- [ACTION ITEM]: The response must reproduce every record in full.

- [AVAILABLE RECORDS]:
Lemma Folner_translated_boxes (t : nat -> Zm m) : (1 <= m)%N ->
  Folner (fun k => map (fun x => x + t k) (box k)).
Proof.
move=> hm; split.
  move=> k; rewrite map_inj_uniq ?box_uniq; last exact: addIr.
  by rewrite size_map size_box expn_gt0.
move=> g.
have e k : count (fun x => x - g \in map (fun x => x + t k) (box k))
    (map (fun x => x + t k) (box k)) = count (fun x => x - g \in box k) (box k).
  rewrite count_map; apply: eq_count => x /=.
  by rewrite addrAC (mem_map (addIr (t k))).
have -> : (fun k => Rdiv (INR (count (fun x => x - g \in map (fun x => x + t k) (box k))
      (map (fun x => x + t k) (box k)))) (INR (size (map (fun x => x + t k) (box k)))))
    = (fun k => Rdiv (INR (count (fun x => x - g \in box k) (box k))) (INR (size (box k)))).
  by apply: functional_extensionality => k; rewrite e size_map.
apply: (ratio_cvg1 (S := fun k => size (box k))
  (C := \sum_(i <- enum 'I_m) 2 * `|g ord0 i|)%N).
- by move=> k; rewrite size_box expn_gt0.
- by move=> k; apply: count_size.
- by move=> k; apply: box_translate_deficit.
Qed.

End Boxes.

Lemma count_translate_le (V : zmodType) (F : seq V) (P : pred V) (r : V) : uniq F ->
  (count (fun x => P (x - r)%R) F
    <= count P F + (size F - count (fun x => (x - r)%R \in F) F))%N.
Proof.
move=> hu; rewrite -(count_predC (fun x => x - r \in F) F) addKn.
pose inF x := (x - r \in F) && P (x - r).
have hsplit : (count (fun x => P (x - r)%R) F
    <= count inF F + count (predC (fun x => (x - r)%R \in F)) F)%N.
  rewrite -count_predUI; apply: leq_trans (leq_addr _ _).
  by apply: sub_count => x /= hx; rewrite /inF hx; case: (_ \in F).
apply: leq_trans hsplit _; rewrite leq_add2r.
rewrite -size_filter -(size_map (fun x => x - r)) -size_filter.
apply: uniq_leq_size; first by rewrite map_inj_uniq ?filter_uniq //; apply: addIr.
move=> y /mapP [x]; rewrite mem_filter => /andP [/andP [h1 h2] _] ->.
by rewrite mem_filter h2 h1.
Qed.

(* Counting the translates [F :&: (r + P)] over coset representatives [r]: they cover
   [F], and each has at most [count P F] points plus the points of [F] moved out by [-r]. *)
Lemma coset_count_lower_bound (V : zmodType) (F s : seq V) (P : pred V) : uniq F ->
  (forall x, exists2 r, r \in s & P (x - r)) ->
  (forall r, r \in s ->
    2 * size s * (size F - count (fun x => (x - r)%R \in F) F) < size F)%N ->
  (size F <= 2 * size s * count P F)%N.
Proof.
move=> hu hcov hinv.
set N := size s; set S := size F; set p := count P F.
have N_gt0 : (0 < N)%N by have [r] := hcov 0; rewrite /N; case: (s).
have sum_const c : (\sum_(r <- s) c = N * c)%N.
  by rewrite big_const_seq count_predT iter_addn_0 mulnC.
set D := (\sum_(r <- s) (S - count (fun x => (x - r)%R \in F) F))%N.
have hS : (S <= N * p + D)%N.
  rewrite /S -(count_predT F).
  apply: leq_trans (count_le_sum_cover (b := fun r x => P (x - r)) (s := s) _) _.
    by move=> x _ _; apply: hcov.
  rewrite -sum_const /D -big_split /=.
  by apply: leq_sum => r _; apply: count_translate_le.
have hD : (2 * N * D <= N * S)%N.
  rewrite /D big_distrr /= -sum_const big_seq [X in (_ <= X)%N]big_seq.
  by apply: leq_sum => r hr; apply/ltnW/hinv.
have : (N * S <= N * (2 * N * p))%N by nia.
by rewrite leq_pmul2l.
Qed.

Lemma Folner_eventually_almost_invariant m (F : nat -> seq (Zm m)) (N : nat) (s : seq (Zm m)) :
  (0 < N)%N -> Folner F -> exists K0, forall k, (K0 <= k)%N -> forall r, r \in s ->
    (2 * N * (size (F k) - count (fun x => (x - r)%R \in F k) (F k)) < size (F k))%N.
Proof.
move=> N_gt0 [hF hinv]; elim: s => [|r s [K0 hK0]]; first by exists 0%N.
have heps : Rgt (Rinv (Rmult (IZR 2) (INR N))) (IZR 0).
  by apply/Rinv_0_lt_compat/Rmult_lt_0_compat; [lra | apply: (lt_INR 0); apply/ltP].
have [K1 hK1] := hinv r _ heps.
exists (maxn K0 K1) => k; rewrite geq_max => /andP [hk0 hk1] r'.
rewrite inE => /predU1P [->|]; last exact: hK0.
have [uF F_gt0] := hF k.
apply: deficit_lt_of_ratio_close => //; first exact: count_size.
exact/hK1/leP.
Qed.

- [SOLUTION TO THE PROBLEM]:
Lemma Folner_translated_boxes (t : nat -> Zm m) : (1 <= m)%N ->
  Folner (fun k => map (fun x => x + t k) (box k)).
Proof.
move=> hm; split.
  move=> k; rewrite map_inj_uniq ?box_uniq; last exact: addIr.
  by rewrite size_map size_box expn_gt0.
move=> g.
have e k : count (fun x => x - g \in map (fun x => x + t k) (box k))
    (map (fun x => x + t k) (box k)) = count (fun x => x - g \in box k) (box k).
  rewrite count_map; apply: eq_count => x /=.
  by rewrite addrAC (mem_map (addIr (t k))).
have -> : (fun k => Rdiv (INR (count (fun x => x - g \in map (fun x => x + t k) (box k))
      (map (fun x => x + t k) (box k)))) (INR (size (map (fun x => x + t k) (box k)))))
    = (fun k => Rdiv (INR (count (fun x => x - g \in box k) (box k))) (INR (size (box k)))).
  by apply: functional_extensionality => k; rewrite e size_map.
apply: (ratio_cvg1 (S := fun k => size (box k))
  (C := \sum_(i <- enum 'I_m) 2 * `|g ord0 i|)%N).
- by move=> k; rewrite size_box expn_gt0.
- by move=> k; apply: count_size.
- by move=> k; apply: box_translate_deficit.
Qed.

End Boxes.

Lemma count_translate_le (V : zmodType) (F : seq V) (P : pred V) (r : V) : uniq F ->
  (count (fun x => P (x - r)%R) F
    <= count P F + (size F - count (fun x => (x - r)%R \in F) F))%N.
Proof.
move=> hu; rewrite -(count_predC (fun x => x - r \in F) F) addKn.
pose inF x := (x - r \in F) && P (x - r).
have hsplit : (count (fun x => P (x - r)%R) F
    <= count inF F + count (predC (fun x => (x - r)%R \in F)) F)%N.
  rewrite -count_predUI; apply: leq_trans (leq_addr _ _).
  by apply: sub_count => x /= hx; rewrite /inF hx; case: (_ \in F).
apply: leq_trans hsplit _; rewrite leq_add2r.
rewrite -size_filter -(size_map (fun x => x - r)) -size_filter.
apply: uniq_leq_size; first by rewrite map_inj_uniq ?filter_uniq //; apply: addIr.
move=> y /mapP [x]; rewrite mem_filter => /andP [/andP [h1 h2] _] ->.
by rewrite mem_filter h2 h1.
Qed.

(* Counting the translates [F :&: (r + P)] over coset representatives [r]: they cover
   [F], and each has at most [count P F] points plus the points of [F] moved out by [-r]. *)
Lemma coset_count_lower_bound (V : zmodType) (F s : seq V) (P : pred V) : uniq F ->
  (forall x, exists2 r, r \in s & P (x - r)) ->
  (forall r, r \in s ->
    2 * size s * (size F - count (fun x => (x - r)%R \in F) F) < size F)%N ->
  (size F <= 2 * size s * count P F)%N.
Proof.
move=> hu hcov hinv.
set N := size s; set S := size F; set p := count P F.
have N_gt0 : (0 < N)%N by have [r] := hcov 0; rewrite /N; case: (s).
have sum_const c : (\sum_(r <- s) c = N * c)%N.
  by rewrite big_const_seq count_predT iter_addn_0 mulnC.
set D := (\sum_(r <- s) (S - count (fun x => (x - r)%R \in F) F))%N.
have hS : (S <= N * p + D)%N.
  rewrite /S -(count_predT F).
  apply: leq_trans (count_le_sum_cover (b := fun r x => P (x - r)) (s := s) _) _.
    by move=> x _ _; apply: hcov.
  rewrite -sum_const /D -big_split /=.
  by apply: leq_sum => r _; apply: count_translate_le.
have hD : (2 * N * D <= N * S)%N.
  rewrite /D big_distrr /= -sum_const big_seq [X in (_ <= X)%N]big_seq.
  by apply: leq_sum => r hr; apply/ltnW/hinv.
have : (N * S <= N * (2 * N * p))%N by nia.
by rewrite leq_pmul2l.
Qed.

Lemma Folner_eventually_almost_invariant m (F : nat -> seq (Zm m)) (N : nat) (s : seq (Zm m)) :
  (0 < N)%N -> Folner F -> exists K0, forall k, (K0 <= k)%N -> forall r, r \in s ->
    (2 * N * (size (F k) - count (fun x => (x - r)%R \in F k) (F k)) < size (F k))%N.
Proof.
move=> N_gt0 [hF hinv]; elim: s => [|r s [K0 hK0]]; first by exists 0%N.
have heps : Rgt (Rinv (Rmult (IZR 2) (INR N))) (IZR 0).
  by apply/Rinv_0_lt_compat/Rmult_lt_0_compat; [lra | apply: (lt_INR 0); apply/ltP].
have [K1 hK1] := hinv r _ heps.
exists (maxn K0 K1) => k; rewrite geq_max => /andP [hk0 hk1] r'.
rewrite inE => /predU1P [->|]; last exact: hK0.
have [uF F_gt0] := hF k.
apply: deficit_lt_of_ratio_close => //; first exact: count_size.
exact/hK1/leP.
Qed.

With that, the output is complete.